The most common meaning of the word “Weed” is an unwanted plant that poses a threat to more desirable plants.  But on the farm it’s not always easy to tell them apart from crops.
Tomatoes, peppers and potatoes are all in the nightshade family.  Purple nightshade is also a very common weed on our farm.  When it is small, it looks very similar to its food-crop cousins.  This allows it often escape the gaze of workers hoeing around tomatoes or potatoes.  Once it gets full-size, it is easily recognizable due to its tiny purple berries.  But it is also tremendously hard to remove by them, having established large and healthy roots similar to those of a tomato plant.
Beets, spinach and chard are all members of the chenopod family.  Several species of this family are also among the most common annual weeds in California:  lambsquarters and Pigweed Amaranth.  The tiny seedlings of all these plants appear to even the trained eye as almost identical.  Unfortunately, the wild cousins grow much more aggressively and quickly than their domestic relatives.  By the time it’s easy to identify which is which, the weeds have often completely taken over.

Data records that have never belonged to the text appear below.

Lemma insert_zK : delete_z (insert_z (P, R) C D) = (P, R).
Proof.
rewrite /delete_z; congr pair.
  have -> : pblock (insert_z (P, R) C D).1 z = z |: C by apply: insert_z_pblock_in; exact: setU11.
  by rewrite /= setU1K ?z_notin_block // setU1K ?insert_z_new_block // setD1K.
apply/ffunP => -[a b]; rewrite ffunE /= -/Rn insert_z_relE /=.
case: (eqVneq a z) => [->|az]; first by rewrite (lah_rel_zl _ ok) /= !andbF.
case: (eqVneq b z) => [->|bz]; first by rewrite (lah_rel_zr _ ok) /= !andbF.
by rewrite /= ?andbT ?andbF ?orbF ?andbT.
Qed.
End Insert.

(* Where [z] can be inserted: right after an element [y], or at the head of a block [B]. *)
Definition slots (s : LahT N) : {set ('I_N + {set 'I_N})%type} :=
  [set inl y | y in init_seg m] :|: [set inr B | B in s.1].

Definition insert_at (s : LahT N) (p : ('I_N + {set 'I_N})%type) : LahT N :=
  match p with
  | inl y => insert_z s (pblock s.1 y) [set a | (a == y) || s.2 (a, y)]
  | inr B => insert_z s B set0
  end.

Section Delete.
Variables (P : {set {set E}}) (R : {ffun E * E -> bool}).
Hypotheses (ok : lah_rel m.+1 P R) (nzb : z \notin bl P).

Let Bz := pblock P z.
Let C := Bz :\ z.
Let P' := (delete_z (P, R)).1.
Let R' := (delete_z (P, R)).2.

Lemma pblock_z_mem : Bz \in P.
Proof. exact: (lah_pblock_mem ok z_ltS). Qed.

Lemma mem_pblock_z : z \in Bz.
Proof. exact: (lah_self ok z_ltS). Qed.

Lemma delete_z_block_neq0 : C != set0.
Proof.
apply/negP => /eqP e; case/negP: nzb; apply/blP; exists Bz; first exact: pblock_z_mem.
apply/andP; split; first exact: mem_pblock_z.
apply/forall_inP => y yB; case: (eqVneq y z) => [->//|yz].
have : y \in C by rewrite in_setD1 yz yB.
by rewrite e inE.
Qed.

Lemma delete_z_block_sub : C \subset init_seg m.
Proof.
apply/subsetP => x; rewrite in_setD1 => /andP[xz xB].
have := lah_lt ok pblock_z_mem xB; rewrite ltnSz (negbTE xz) /= => h; by rewrite in_set.
Qed.

Lemma setU1_delete_z_block : z |: C = Bz.
Proof. exact: setD1K mem_pblock_z. Qed.

Lemma delete_z_block_new : C \notin P :\ Bz.
Proof.
apply/negP; rewrite in_setD1 => /andP[nCB hCP].
move/trivIsetP: (lah_triv ok) => tP.
have := tP C Bz hCP pblock_z_mem nCB; case/set0Pn: delete_z_block_neq0 => x xC.
have xB : x \in Bz by move: xC; rewrite in_setD1 => /andP[].
by move/disjointFr => /(_ x xC); rewrite xB.
Qed.

Lemma delete_z_partE : P' = C |: (P :\ Bz).
Proof. by []. Qed.

Lemma delete_z_partition : partition P' (init_seg m).
Proof.
have h1 := partitionD1 (lah_part ok) pblock_z_mem.
have -> : init_seg m = C :|: (init_seg m.+1 :\: Bz).
  apply/setP => x; rewrite in_setU in_setD1 in_setD !in_set ltnSz.
  case: (eqVneq x z) => [->|xz] /=; first by rewrite hz ltnn mem_pblock_z.
  case: (boolP (x \in Bz)) => xB //=.
  by have := lah_lt ok pblock_z_mem xB; rewrite ltnSz (negbTE xz).
rewrite delete_z_partE; apply: (partitionU1 h1); first exact: delete_z_block_neq0.
rewrite -setI_eq0; apply/eqP/setP => x; rewrite !inE.
by case: (x \in Bz); rewrite /= ?andbF.
Qed.

Lemma delete_z_triv : trivIset P'.
Proof. exact: partition_trivIset delete_z_partition. Qed.

Lemma delete_z_pblock_in x : x \in C -> pblock P' x = C.
Proof. move=> h; exact: (def_pblock delete_z_triv (setU11 _ _) h). Qed.

Lemma delete_z_pblock_out x : x \notin Bz -> pblock P' x = pblock P x.
Proof.
move=> h; apply: (pblockU1D1 (lah_triv ok) delete_z_triv h).
by rewrite in_setD1 negb_and h orbT.
Qed.

Lemma delete_z_relE a b : R' (a, b) = R (a, b) && (a != z) && (b != z).
Proof. by rewrite /R' /delete_z /= ffunE. Qed.

Lemma lah_delete_z : lah_rel m P' R'.
Proof.
have pB x : x \in Bz -> pblock P x = Bz by exact: (lah_def_pblock ok pblock_z_mem).
split.
- exact: delete_z_partition.
- move=> x y; rewrite delete_z_relE => /andP[/andP[h xz] yz].
  have [hx hy] := lah_supp ok h.
  split; first by move: hx; rewrite ltnSz (negbTE xz).
  case: (boolP (x \in Bz)) => xB.
    rewrite delete_z_pblock_in; last by rewrite in_setD1 xz.
    by rewrite in_setD1 yz -(pB x xB).
  by rewrite delete_z_pblock_out.
- by move=> x; rewrite delete_z_relE (negbTE (lah_irr ok x)).
- move=> x y w; rewrite !delete_z_relE => /andP[/andP[h1 xz] _] /andP[/andP[h2 _] wz].
  by rewrite (lah_trans ok h1 h2) xz wz.
- move=> x y hx nxy hy.
  have xz : x != z by apply: contraTneq hx => ->; rewrite hz ltnn.
  have yc : y \in cover P'.
    apply/bigcupP; exists (pblock P' x) => //; apply: pblock_mem.
    by rewrite (cover_partition delete_z_partition) in_set.
  have yz : y != z.
    by apply: contraTneq yc => ->; rewrite (cover_partition delete_z_partition) in_set hz ltnn.
  have hy' : y \in pblock P x.
    case: (boolP (x \in Bz)) => xB.
      by move: hy; rewrite delete_z_pblock_in ?in_setD1 ?xz // (pB x xB) => /andP[].
    by rewrite -delete_z_pblock_out.
  have hx' : x < m.+1 by rewrite ltnSz hx orbT.
  by rewrite !delete_z_relE xz yz /= !andbT; exact: (lah_total ok hx' nxy hy').
Qed.

Lemma delete_z_card : #|P'| = #|P|.
Proof. by rewrite delete_z_partE cardsU1 delete_z_block_new (cardsD1 Bz P) pblock_z_mem. Qed.

Lemma is_min_delete_z_block x : is_min C x = is_min Bz x.
Proof. by rewrite -(is_minU1 x delete_z_block_neq0 delete_z_block_sub) setU1_delete_z_block. Qed.

Lemma delete_z_bl : bl P' = bl P.
Proof. exact: (bl_U1D1 (lah_triv ok) pblock_z_mem is_min_delete_z_block). Qed.

Lemma reinsert_z_partition : (z |: C) |: (P' :\ C) = P.
Proof.
by rewrite delete_z_partE setU1K ?delete_z_block_new // setU1_delete_z_block setD1K // pblock_z_mem.
Qed.

Lemma pred_z_block a : R (a, z) -> a \in C.
Proof.
move=> h; have [ha hza] := lah_supp ok h; rewrite in_setD1.
have -> : a != z by apply: contraTneq h => ->; rewrite (negbTE (lah_irr ok z)).
by rewrite /Bz (lah_same_pblock ok hza) (lah_self ok ha).
Qed.

Lemma succ_z_block b : R (z, b) -> b \in Bz.
Proof. by case/(lah_supp ok). Qed.

(* The immediate predecessor of [z] is the one with the most predecessors. *)
Lemma immediate_pred_z a0 : R (a0, z) ->
  exists2 y, R (y, z) & forall a, R (a, z) -> (a == y) || R (a, y).
Proof.
move=> h0.
have [y /= hy hmax] := @arg_maxnP _ a0 [pred y | R (y, z)] (fun y => #|[set b | R (b, y)]|) h0.
exists y => // a ha; case: (eqVneq a y) => [//|ay] /=.
have am : a < m.+1.
  by move: (pred_z_block ha); rewrite in_setD1 => /andP[_ /(lah_lt ok pblock_z_mem)].
have yaB : y \in pblock P a.
  move: (pred_z_block ha) (pred_z_block hy); rewrite !in_setD1 => /andP[_ aB] /andP[_ yB].
  by rewrite (lah_def_pblock ok pblock_z_mem aB).
case/orP: (lah_total ok am ay yaB) => // hya.
have := hmax a ha; rewrite leqNgt => /negP; case; apply: proper_card.
apply/properP; split.
  by apply/subsetP => b; rewrite !in_set => hb; exact: (lah_trans ok hb hya).
by exists y; rewrite !in_set ?hya // (negbTE (lah_irr ok y)).
Qed.

Lemma insert_at_delete_z_after y : R (y, z) ->
    (forall a, R (a, z) -> (a == y) || R (a, y)) ->
  insert_at (delete_z (P, R)) (inl y) = (P, R).
Proof.
move=> hy maxy; have yC := pred_z_block hy.
have yz : y != z by move: yC; rewrite in_setD1 => /andP[].
rewrite /insert_at /=; have -> : pblock (delete_z (P, R)).1 y = C by exact: delete_z_pblock_in.
rewrite /insert_z; congr pair; first exact: reinsert_z_partition.
apply/ffunP => -[a b]; rewrite ffunE /= -/R' !delete_z_relE in_setD1 !in_set !ffunE /=.
case: (eqVneq a z) => [->|az]; case: (eqVneq b z) => [->|bz] /=.
- by rewrite (negbTE (lah_irr ok z)) eq_sym (negbTE yz) !andbF.
- rewrite !andbF orbF /= yz !andbT; apply/idP/idP.
    case/andP=> bB hn; have zb : z != b by rewrite eq_sym.
    case/orP: (lah_total ok z_ltS zb bB) => // hbz.
    by have := maxy b hbz; rewrite (negbTE hn).
  move=> h; rewrite succ_z_block //=.
  apply/negP => /orP[/eqP eby|hby].
    by subst b; have := lah_trans ok h hy; rewrite (negbTE (lah_irr ok z)).
  by have := lah_trans ok (lah_trans ok h hby) hy; rewrite (negbTE (lah_irr ok z)).
- rewrite !andbT andbF !orbF yz !andbT; apply/idP/idP.
    by case/orP => [//|/orP[/eqP->//|hay]]; exact: (lah_trans ok hay hy).
  by move=> h; have := maxy a h.
- by rewrite !andbT !orbF.
Qed.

Sometimes it seems like we should be eating the weeds instead of the crops.  But while they are technically edible, Lambsquarters have enormous amounts of oxalyic acid that make them unpalatable, while Amaranth has fuzzy leaves that verge on prickly.  Both have tough, woody stems.
One of the most persistent and difficult to control weeds in California and many other states is Field Bindweed, a member of the Morning Glory family.  This is a perennial weed whose roots live deep underground where they are nearly impossible to eradicate, even with the strongest herbicides.  Its vines can grow 10 feet, sprawling over the ground or twining up other plants, stealing both their sunlight and their water.
Humans have adapted several strains of morning glory, taking advantage of their prolific nature to provide food crops.  In tropical regions, morning glory varieties are eaten cooked like spinach and have a very similar flavor.  There are also dozens of ornamental varieties.  And here in California as well as numerous other states, farmers grow a type of morning glory whose roots swell just below ground to produce sweet, edible tubers with enormous nutritional value.:
Sweet Potatoes grow just like their weedy cousin, but with much bigger leaves.  They have few pests and require little fertilizer and water while producing truly tremendous yields.  The only problem with sweet potatoes is a significant one:  getting them out of the ground.  Unlike potatoes or carrots, whose edible portion grows just below the plant in a fairly compact area, sweet potatoes make long, wandering roots.  The tubers can reach down more than 2 feet below the soil and as far as 3 feet away from the plant.  This makes it more time-consuming and complicated to get them out of the ground without damaging them.  It also limits the types of soil where they can be grown commercially.
We use the same harvesting machine to harvest both potatoes and sweet potatoes.  But while we can harvest an acre of potatoes in a day or so, it takes 3 times as long to harvest the sweet potatoes.  And even with the digging machine set as deep as it can go — about two feet down — we still routinely break tubers that have grown down even deeper than that.
Unlike the roots of field bindweed though, the sweet potato tubers we leave behind after harvest will not resprout next year and grow anew.  That’s the only thing that keeps sweet potatoes from being a weed.